Shpilman Institute of Photography
- Abbreviation: The SIP
- Formation: 2010
- Dissolved: 2015
- Type: International Non-profit organization
- Legal status: A legal entity operating in accordance with the laws of the Israel
- Purpose: Promoting photography art
- Headquarters: Israel
- Location: 27 Schocken St., 3rd floor, Tel Aviv, Israel;
- Region served: Worldwide, Israel
- Members: National organization
- Official language: English, Hebrew
- Main organ: Board of Directors
- Website: www.thesip.org/language/en/frontpage/the-shpilman-institute-for-photography

= Shpilman Institute of Photography =

Israeli non-profit organisation

The Shpilman Institute for Photography (SIP) was an Israeli non-profit organisation which promoted photography worldwide.

==History==
SIP was founded in 2010 Shalom Shpilman in order to promote photography as an art in Israel and worldwide. The institute, located in Tel Aviv, hosts exhibitions, lectures and various artistic activities by people in the field of photography and media art.

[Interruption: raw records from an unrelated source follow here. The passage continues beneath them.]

Lemma theta_thin_transfer d S (T : set K) :
  cofinal_in lt d S -> injects S (below theta) -> theta_thin d S -> cofinal_in lt d T ->
  exists R, (forall x, R x -> T x) /\ cofinal_in lt d R /\ injects R (below theta) /\
    theta_thin d R.
Proof.
  intros [Sd Scof] HS Sthin [Td Tcof].
  set (up := fun y => least (fun t => T t /\ le lt y t)).
  assert (Hup : forall y, lt y d -> T (up y) /\ le lt y (up y)).
  { intros y Hy; exact (proj1 (least_spec (fun t => T t /\ le lt y t) (Tcof y Hy))). }
  exists (image up S); split; [|split; [split|split]].
  - intros t [s [Ss ->]]; exact (proj1 (Hup s (Sd s Ss))).
  - intros t [s [Ss ->]]; exact (Td _ (proj1 (Hup s (Sd s Ss)))).
  - intros y Hy; destruct (Scof y Hy) as [s [Ss Hs]].
    exists (up s); split; [exists s; auto|exact (le_trans _ _ _ Hs (proj2 (Hup s (Sd s Ss))))].
  - exact (injects_trans (image_injects _ _) HS).
  - intros y Hy; destruct (Sthin y Hy) as [b [Hb Hinj]]; exists b; split; [exact Hb|].
    refine (injects_trans _ (injects_trans (image_injects up (fun s => S s /\ lt s y)) Hinj)).
    apply subset_injects; intros t [[s [Ss ->]] Ht]; exists s; split; [|reflexivity].
    split; [exact Ss|exact (le_lt_trans _ _ _ (proj2 (Hup s (Sd s Ss))) Ht)].
Qed.

Lemma cof_theta_thin_subset d (T : set K) : cof_eq lt d theta -> cofinal_in lt d T ->
  exists R, (forall x, R x -> T x) /\ injects R (below theta) /\ injects (below theta) R /\
    theta_thin d R.
Proof.
  intros Hcof Tcof.
  destruct (cof_theta_thin_cofinal d Hcof) as [S [Scof [HS Sthin]]].
  destruct (theta_thin_transfer d S T Scof HS Sthin Tcof) as [R [RT [Rcof [HR Rthin]]]].
  exists R; repeat split; auto.
  exact (le_card_injects _ _ (proj2 Hcof R Rcof)).
Qed.
(* Let $G=\langle b\rangle\wr\langle a\rangle$ be the restricted wreath product with $\langle a\rangle\cong\langle b\rangle\cong\mathbb Z$. Then the bijection $$f\colon\{\,a^n\mid n\in\mathbb N\,\}\to\mathbb N,\quad a^n\mapsto n$$ is an interpretation of $(\mathbb N,+,\times)$ in the group $(G,\cdot)$ with parameters.
   Context: The restricted wreath product $\langle b\rangle\wr\langle a\rangle$ means: the elements $a^{-k}ba^k$, $k\in\mathbb Z$, generate a free abelian group $H$ with basis $(a^{-k}ba^k)_{k\in\mathbb Z}$, and the group generated by $a,b$ is $H\rtimes\langle a\rangle$. An interpretation with parameters of $M$ in $N$ is a pair $(n,f)$, $f$ a surjection from a subset of $N^n$ onto $M$, such that the preimage under $f$ (applied coordinatewise) of every set definable without parameters in $M$ is first-order definable in $N$ with parameters from $N$. *)

From Stdlib Require Import List Arith ZArith Lia.
Import ListNotations.
Set Implicit Arguments.

Inductive term (F : Type) : Type :=
| Var : nat -> term F
| App : F -> term F -> term F -> term F.
Arguments Var {F} _.

(* First-order formulas with equality; connectives not, and, exists
   (the others are abbreviations). Variables are named by nat. *)
Inductive form (F : Type) : Type :=
| FEq : term F -> term F -> form F
| FNot : form F -> form F
| FAnd : form F -> form F -> form F
| FEx : nat -> form F -> form F.

Fixpoint eval_term {F D : Type} (op : F -> D -> D -> D) (rho : nat -> D)
  (t : term F) : D :=
  match t with
  | Var i => rho i
  | App f t1 t2 => op f (eval_term op rho t1) (eval_term op rho t2)
  end.

Definition upd {D : Type} (rho : nat -> D) (i : nat) (d : D) : nat -> D :=
  fun j => if Nat.eqb j i then d else rho j.

Fixpoint sat {F D : Type} (op : F -> D -> D -> D) (rho : nat -> D)
  (phi : form F) : Prop :=
  match phi with
  | FEq t1 t2 => eval_term op rho t1 = eval_term op rho t2
  | FNot p => ~ sat op rho p
  | FAnd p q => sat op rho p /\ sat op rho q
  | FEx i p => exists d : D, sat op (upd rho i d) p
  end.

Fixpoint fv_term {F : Type} (t : term F) : list nat :=
  match t with
  | Var i => [i]
  | App _ t1 t2 => fv_term t1 ++ fv_term t2
  end.

Fixpoint fv_form {F : Type} (phi : form F) : list nat :=
  match phi with
  | FEq t1 t2 => fv_term t1 ++ fv_term t2
  | FNot p => fv_form p
  | FAnd p q => fv_form p ++ fv_form q
  | FEx i p => filter (fun j => negb (Nat.eqb j i)) (fv_form p)
  end.

(* Environment assigning xs_i to the variable x_i (d0 is an irrelevant default). *)
Definition list_env {D : Type} (d0 : D) (xs : list D) : nat -> D :=
  fun i => nth i xs d0.

Definition definable0 {F D : Type} (op : F -> D -> D -> D) (d0 : D)
  (k : nat) (X : list D -> Prop) : Prop :=
  exists phi : form F,
    (forall i, In i (fv_form phi) -> i < k) /\
    forall xs : list D, length xs = k -> (X xs <-> sat op (list_env d0 xs) phi).

(* X ⊆ D^k is definable with parameters ps from D: the parameters are
   plugged into the variables x_k,...,x_{k+|ps|-1}. *)
Definition definable_params {F D : Type} (op : F -> D -> D -> D) (d0 : D)
  (k : nat) (X : list D -> Prop) : Prop :=
  exists (phi : form F) (ps : list D),
    (forall i, In i (fv_form phi) -> i < k + length ps) /\
    forall xs : list D, length xs = k ->
      (X xs <-> sat op (list_env d0 (xs ++ ps)) phi).

(* Split a list into k consecutive blocks of length n (an element of
   (N^n)^k viewed as an element of N^(n*k)). *)
Fixpoint chunks {A : Type} (n k : nat) (ys : list A) : list (list A) :=
  match k with
  | 0 => []
  | S k' => firstn n ys :: chunks n k' (skipn n ys)
  end.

The SIP also provides ground and holds academic research. It offers grants and scholarships to projects, both locally in Israel and internationally.

In addition to hosting temporary exhibitions, the SIP had a permanent collection with over 900 works, including photographs by Erwin Blumenfeld, Frederick Sommer, Berenice Abbott, Arthur Siegel, Nan Goldin, Cindy Sherman, Man Ray, Cecil Beaton, Elliott Erwitt, Bill Brandt, Andre Breton, Claude Cahun, Salvador Dalí, Harry Callahan, Paul Heismann, Yasuhiro Ishimoto, Adi Nes, Jeff Wall, Uri Gershuni, Ilit Azulay, Deganit Berest, Eli Lotar, Ohad Matalon, Lee Miller and Michal Heiman.

As of end 2016, Shpilman Institute of Photography ceased its activities and sold its permanent collection at Sotheby's and Christie's. Fifty-five works from the collection were purchased by Israel Museum. The organisation site's latest update was at the end of 2014 and the institute premises were vacated at the beginning of 2015. The Shpilman International Prize for Excellence in Photography remains active though patronage of Israel Museum.

==Shpilman International Prize for Excellence in Photography==

The Shpilman Institute for Photography in collaboration with The Israel Museum in Jerusalem awards the bi-annual Shpilman International Prize for Excellence in Photography.